--- TASK PROMPT ---
Each line in the records below that has the word "Import" should be copied.

Records from a data source
(* Let $\sigma$ be an erasing $k$-block substitution with $w_\epsilon\ne1^k$ that satisfies the optimality condition. Then the point $x_0=0.w_\epsilon^\infty$ is an almost fixed point of $f_\sigma$.
   Context: Notation: $\mathbb I=[0,1]$. $\{0,1\}^*$ and $\{0,1\}^\omega$ denote finite and infinite binary words, and $\epsilon$ is the empty word. For a word $w$, set $0.w=\sum_iw_i2^{-i}$. For $x\in(0,1]$, $\widetilde x$ is the unique infinite binary expansion of $x$ not ending in $0^\infty$. Fix $k\ge2$. An erasing $k$-block substitution is a map $\sigma:\{0,1\}^k\to\{0,1\}^*$ with exactly one block $w_\epsilon$ such that $\sigma(w_\epsilon)=\epsilon$. It acts blockwise on infinite words, concatenating the images of consecutive $k$-blocks. The map $f_\sigma:\mathbb I\to\mathbb I$ is defined by $f_\sigma(x)=0.\sigma(\widetilde x)$ if $x\in(0,1]$ and $\widetilde x\neq w_\epsilon^\infty$, and $f_\sigma(x)=0$ otherwise. Optimality condition: every $w\in\{0,1\}^\omega$ can be written as $w=\prod_{i\ge1}\sigma(b_i)$ with blocks $b_i\in\{0,1\}^k$ satisfying $\sigma(b_i)\ne\epsilon$. Almost fixed point: for $f:\mathbb I\to\mathbb I$ and $x\in\mathbb I$, set $R^-(f,x)=\{y:f^{-1}(y)\cap(x-\varepsilon,x)\ne\emptyset\ \forall\varepsilon>0\}$ and $R^+(f,x)=\{y:f^{-1}(y)\cap(x,x+\varepsilon)\ne\emptyset\ \forall\varepsilon>0\}$. The point $x$ is an almost fixed point of $f$ if $x$ belongs to the interior (in $\mathbb I$ with its usual topology) of $R^-(f,x)$ or of $R^+(f,x)$. *)

From Stdlib Require Import Reals Lra List Arith ClassicalEpsilon ClassicalDescription.
From Coquelicot Require Import Coquelicot.
Import ListNotations.
Open Scope R_scope.

(* Finite binary words are [list bool]; infinite binary words are [nat -> bool]
   (bit i of the word is the (i+1)-th letter, i.e. index shifted by one). *)

(* 0.w for a finite word w = sum_i w_i 2^{-i} (i starting at 1). *)
Fixpoint fval (w : list bool) : R :=
  match w with
  | [] => 0
  | b :: w' => (if b then / 2 else 0) + / 2 * fval w'
  end.

Definition ival (w : nat -> bool) : R :=
  Series (fun i => if w i then (/ 2) ^ (S i) else 0).

Definition not_ending_in_zeros (w : nat -> bool) : Prop :=
  forall n, exists m, (n <= m)%nat /\ w m = true.

(* tilde x : the (unique, for x in (0,1]) infinite binary expansion of x
   not ending in 0^infinity. *)
Definition tilde (x : R) : nat -> bool :=
  epsilon (inhabits (fun _ => false))
    (fun w => ival w = x /\ not_ending_in_zeros w).

(* the i-th k-block (i starting at 0) of an infinite word *)
Definition block (k : nat) (w : nat -> bool) (i : nat) : list bool :=
  map (fun j => w (i * k + j)%nat) (seq 0 k).

Definition iper (u : list bool) : nat -> bool :=
  fun n => nth (n mod length u) u false.

Definition sub_prefix (sigma : list bool -> list bool) (k : nat)
  (w : nat -> bool) (n : nat) : list bool :=
  concat (map (fun i => sigma (block k w i)) (seq 0 n)).

(* 0.sigma(w): the binary value of the (finite or infinite) concatenation
   sigma(b_1) sigma(b_2) ..., computed as the limit of the values of its
   finite prefixes sigma(b_1)...sigma(b_n). *)
Definition sub_val (sigma : list bool -> list bool) (k : nat)
  (w : nat -> bool) : R :=
  real (Lim_seq (fun n => fval (sub_prefix sigma k w n))).

Definition erasing_subst (k : nat) (sigma : list bool -> list bool)
  (weps : list bool) : Prop :=
  length weps = k /\ sigma weps = [] /\
  (forall b, length b = k -> sigma b = [] -> b = weps).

--- OUTPUT OF THE TASK ---
From Stdlib Require Import Reals Lra List Arith ClassicalEpsilon ClassicalDescription.
From Coquelicot Require Import Coquelicot.
Import ListNotations.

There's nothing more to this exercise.